His calls were counted and their duration measured and recorded by another computer
somewhere in the building. His phone system was capable of being monitored by
either human or artificial means, which was to say that it was monitored by
both so that the human monitor was then monitored as well. Sometimes he could
literally feel the gaze upon him—particularly when he was having trouble
getting a caller off the line in time to keep his stats on track. He had to
make his numbers: six inbounds an hour for four to five hours. There was a
period of time for outbound calls too. Callbacks or returns to callers who had
gotten lost in the queue. They, of course didn’t count, that is, they didn’t
help Norman’s stats, as the department was optimally
expected not to have any outbound calls anyway. But nominal conditions
prevailed over optimal ones. It was a strain to make the outbounds when Norman
was behind on his inbound quota, a daily recurring situation. What could he do?

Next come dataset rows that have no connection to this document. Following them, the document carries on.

Lemma conv_scaled_terms (c d : nat -> Cx) (z : Cx) (n : nat) :
  Cmul (conv c d n) (Cpow z n) =
  conv (fun k => Cmul (c k) (Cpow z k)) (fun k => Cmul (d k) (Cpow z k)) n.
Proof.
  unfold conv. rewrite <- Csum_mul_r. apply Csum_ext. intros k Hk.
  replace (Cpow z n) with (Cpow z (k + (n - k))) by (f_equal; lia). rewrite Cpow_add. Cring.
Qed.

Lemma expansion_mul (f g : Cx -> Cx) (c d : nat -> Cx) :
  has_expansion f c -> has_expansion g d -> has_expansion (fun z => Cmul (f z) (g z)) (conv c d).
Proof.
  intros Hf Hg.
  destruct (expansion_coef_bound f c Hf) as [M1 [r1 [HM1 [Hr1 Hb1]]]].
  destruct (expansion_coef_bound g d Hg) as [M2 [r2 [HM2 [Hr2 Hb2]]]].
  destruct Hf as [R1 [HR1 Hf]]. destruct Hg as [R2 [HR2 Hg]].
  set (M := M1 + M2). set (rho := r1 + r2).
  assert (Hcommon : forall (e : nat -> Cx) Mi ri, 0 < Mi -> 0 < ri -> Mi <= M -> ri <= rho ->
            (forall n, Cabs (e n) <= Mi * ri ^ n) -> forall n, Cabs (e n) <= M * rho ^ n).
  { intros e Mi ri HMi Hri HMM Hrr He n. eapply Rle_trans; [apply He|].
    apply Rmult_le_compat; [lra | apply pow_le; lra | assumption | apply pow_incr; lra]. }
  assert (Hc : forall n, Cabs (c n) <= M * rho ^ n) by (apply (Hcommon c M1 r1); unfold M, rho; lra || assumption).
  assert (Hd : forall n, Cabs (d n) <= M * rho ^ n) by (apply (Hcommon d M2 r2); unfold M, rho; lra || assumption).
  assert (Hrho : 0 < rho) by (unfold rho; lra).
  exists (Rmin (Rmin R1 R2) (/ (4 * rho))). split.
  { repeat apply Rmin_pos; try assumption. apply Rinv_0_lt_compat; lra. }
  intros z Hz.
  assert (Hz1 : Cabs z < R1) by (eapply Rlt_le_trans; [apply Hz|]; eapply Rle_trans; [apply Rmin_l | apply Rmin_l]).
  assert (Hz2 : Cabs z < R2) by (eapply Rlt_le_trans; [apply Hz|]; eapply Rle_trans; [apply Rmin_l | apply Rmin_r]).
  assert (Hz3 : Cabs z < / (4 * rho)) by (eapply Rlt_le_trans; [apply Hz | apply Rmin_r]).
  assert (Hq : 0 <= rho * Cabs z <= 1 / 4).
  { pose proof (Cabs_ge0 z). split; [nra|].
    apply Rmult_lt_compat_l with (r := rho) in Hz3; [|assumption].
    replace (rho * / (4 * rho)) with (1 / 4) in Hz3 by (field; lra). lra. }
  apply (Clim_eventually (Csum (conv (fun k => Cmul (c k) (Cpow z k)) (fun k => Cmul (d k) (Cpow z k)))) _ _ 0).
  - intros N _. apply Csum_ext. intros n _. symmetry. apply conv_scaled_terms.
  - apply (cauchy_product _ _ _ _ M (rho * Cabs z)); try apply dominated_terms; auto.
    + unfold M; lra.
    + exact (Hf z Hz1).
    + exact (Hg z Hz2).
Qed.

It was all recorded. It was on a chart at the weekly meeting—a meeting
which he, a mere minion, was not invited to, but one in which his manager would
dutifully participate, in consort with the many well-dressed, well-heeled,
executives making those private and troublesome decisions which would, no
doubt, increase the efficiency of the department as a whole, even if at the
expense of a few—minions that is. This would result in, quite simply,
more demands, more calls, more blinking lights and more to fear for Norman.
Each week it grew worse. Even his pitiful little strategies to get “caught up”
only exacerbated his fears – a tactic
gone wrong, a momentary lapse into self-service, la perreuque[1]
if you will, when using the call back time to make a personal call. For that
too was counted, if not credited, by the panoptic[2]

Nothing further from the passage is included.